(* Since |alpha_i| < 1, the bump dominates the bump sum at the midpoint of I. *)
Lemma bump_base_mid_pos :
  (forall i : nat, (1 <= i <= N)%nat -> -1 < alpha i < 1) ->
  0 < bump_base x N alpha ((x 0%nat + x N) / 2).
Proof.
  intros Halpha; set (m := (x 0%nat + x N) / 2).
  assert (HD : x 0%nat < x N) by (apply (x_ends x N Hx); lia).
  destruct (subinterval_cover x N m HN ltac:(unfold m; lra)) as [i [Hi Hm]].
  unfold bump_base; rewrite (bump_sum_local i m Hi Hm).
  rewrite bump_nonneg by (unfold quad, m; nra).
  pose proof (bump_bounds x N (Linv x N i m)); specialize (Halpha i Hi).
  replace (quad x N m) with ((x N - x 0%nat) ^ 2 / 4) by (unfold quad, m; field).
  assert (HK : 0 < (x N - x 0%nat) ^ 2 / 4) by nra.
  set (K := (x N - x 0%nat) ^ 2 / 4) in *; set (b := bump x N (Linv x N i m)) in *.
  destruct (Rle_dec (alpha i) 0); nra.
Qed.
End Bump.

Lemma cont_on_of_continuous (a b : R) (f : R -> R) :
  (forall t, continuity_pt f t) -> cont_on a b f.
Proof.
  intros Hf t _ eps Heps; destruct (Hf t eps Heps) as [delta [Hdelta Hclose]].
  exists delta; split; [exact Hdelta|]; intros y [_ Hy].
  destruct (Req_dec t y) as [<-|Hne].
  - simpl; unfold R_dist; rewrite Rminus_diag_eq, Rabs_R0 by reflexivity; exact Heps.
  - apply Hclose; repeat split; auto.
Qed.

Lemma bump_continuous (x : nat -> R) (N : nat) (t : R) : continuity_pt (bump x N) t.
Proof. unfold bump, quad; reg. Qed.

Lemma bump_sum_continuous (x : nat -> R) (N : nat) (alpha : nat -> R) (t : R) :
  continuity_pt (bump_sum x N alpha) t.
Proof.
  unfold bump_sum; generalize N at 1 as n; intros n.
  induction n as [|n IH]; simpl; [reg|].
  apply (continuity_pt_plus (fun y => sumto n (fun j => alpha j * bump x N (Linv x N j y)))
                            (fun y => alpha (S n) * bump x N (Linv x N (S n) y))); [exact IH|].
  unfold bump, quad, Linv; reg.
Qed.

Lemma bump_base_continuous (x : nat -> R) (N : nat) (alpha : nat -> R) (t : R) :
  continuity_pt (bump_base x N alpha) t.
Proof.
  apply (continuity_pt_minus (bump x N) (bump_sum x N alpha));
    [apply bump_continuous|apply bump_sum_continuous].
Qed.

Definition fractal_eq (x : nat -> R) (N : nat) (alpha : nat -> R) (f b g : R -> R) : Prop :=
  forall i : nat, (1 <= i <= N)%nat ->
  forall t, x (i - 1)%nat <= t <= x i ->
    g t = f t + alpha i * (g (Linv x N i t) - b (Linv x N i t)).

Section FractalEquation.
Variables (x : nat -> R) (N : nat) (alpha : nat -> R).
Hypothesis Hx : forall i : nat, (i < N)%nat -> x i < x (S i).

Lemma fractal_eq_lincomb (l mu : R) (f1 b1 g1 f2 b2 g2 : R -> R) :
  fractal_eq x N alpha f1 b1 g1 -> fractal_eq x N alpha f2 b2 g2 ->
  fractal_eq x N alpha (fun t => l * f1 t + mu * f2 t) (fun t => l * b1 t + mu * b2 t)
                       (fun t => l * g1 t + mu * g2 t).
Proof. intros H1 H2 i Hi t Ht; rewrite (H1 i Hi t Ht), (H2 i Hi t Ht); ring. Qed.

(* A single nonzero scaling factor alpha_i determines the base function b on all of I,
   because L_i^{-1} maps I_i onto I. *)
Lemma fractal_eq_base_unique (i : nat) (f b b' g : R -> R) :
  (1 <= i <= N)%nat -> alpha i <> 0 ->
  fractal_eq x N alpha f b g -> fractal_eq x N alpha f b' g ->
  forall y, x 0%nat <= y <= x N -> b y = b' y.
Proof.
  intros Hi Ha Hb Hb' y Hy.
  assert (HD : x 0%nat < x N) by (apply (x_ends x N Hx); lia).
  pose proof (x_step x N Hx i Hi) as Hstep.
  set (r := (y - x 0%nat) / (x N - x 0%nat)).
  assert (Hr : 0 <= r <= 1).
  { assert (r * (x N - x 0%nat) = y - x 0%nat) by (unfold r; field; lra); nra. }
  set (t := x (i - 1)%nat + r * (x i - x (i - 1)%nat)).
  assert (Ht : x (i - 1)%nat <= t <= x i) by (unfold t; nra).
  assert (HL : Linv x N i t = y) by (unfold Linv, t, r; field; lra).
  pose proof (Hb i Hi t Ht) as E; rewrite (Hb' i Hi t Ht), HL in E.
  apply Rmult_eq_reg_l with (alpha i); [lra|exact Ha].
Qed.

Lemma fractal_of_bump (k : R) (f b g : R -> R) :
  cont_on (x 0%nat) (x N) g ->
  (forall t, f t = b t + k * bump_base x N alpha t) ->
  (forall t, g t = b t + k * bump x N t) ->
  is_fractal x N alpha f b g.
Proof.
  intros Hg Hf Hgb; split; [exact Hg|]; intros i Hi t Ht.
  rewrite Hf, !Hgb; unfold bump_base; rewrite (bump_sum_local x N alpha Hx i t Hi Ht); ring.
Qed.
End FractalEquation.

Lemma linear_svm_convex (D : (R -> R) -> Prop) (T : (R -> R) -> (R -> R) -> Prop) :
  linear_svm D T -> convex_svm D T.
Proof. intros Hlin f1 f2 H1 H2 l _; exact (Hlin f1 f2 H1 H2 l (1 - l)). Qed.

(* The second seed tilted_base = s Q - T and its fractal function tilted_bump = s Q - P,
   where the slope s = -4 T(m)/(x_N - x_0)^2 is tuned so that B_2 (s Q - T) = s Q. *)
Definition bump_slope (x : nat -> R) (N : nat) (alpha : nat -> R) : R :=
  - 4 * bump_base x N alpha ((x 0%nat + x N) / 2) / (x N - x 0%nat) ^ 2.
Definition tilted_base (x : nat -> R) (N : nat) (alpha : nat -> R) (t : R) : R :=
  bump_slope x N alpha * quad x N t - bump_base x N alpha t.
Definition tilted_bump (x : nat -> R) (N : nat) (alpha : nat -> R) (t : R) : R :=
  bump_slope x N alpha * quad x N t - bump x N t.

Section Counterexample.
Variables (x : nat -> R) (N : nat) (alpha : nat -> R).
Hypothesis Hx : forall i : nat, (i < N)%nat -> x i < x (S i).
Hypothesis HN : (1 <= N)%nat.

Lemma bump_fractal :
  is_fractal x N alpha (bump_base x N alpha) (bernstein x N 1 (bump_base x N alpha)) (bump x N).
Proof.
  destruct (bump_base_ends x N alpha Hx HN) as [HT0 HTN].
  apply (fractal_of_bump x N alpha Hx 1).
  - apply cont_on_of_continuous, bump_continuous.
  - intros t; rewrite bernstein1_vanishing by assumption; ring.
  - intros t; rewrite bernstein1_vanishing by assumption; ring.
Qed.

★ ★ ★ ★

**ACTION ITEM**
Retype, exactly as shown, the lines from the one with "- apply cont_on_of_continuous, bump_continuous." through the end of the records.

**EXERCISE ANSWER**
  - apply cont_on_of_continuous, bump_continuous.
  - intros t; rewrite bernstein1_vanishing by assumption; ring.
  - intros t; rewrite bernstein1_vanishing by assumption; ring.
Qed.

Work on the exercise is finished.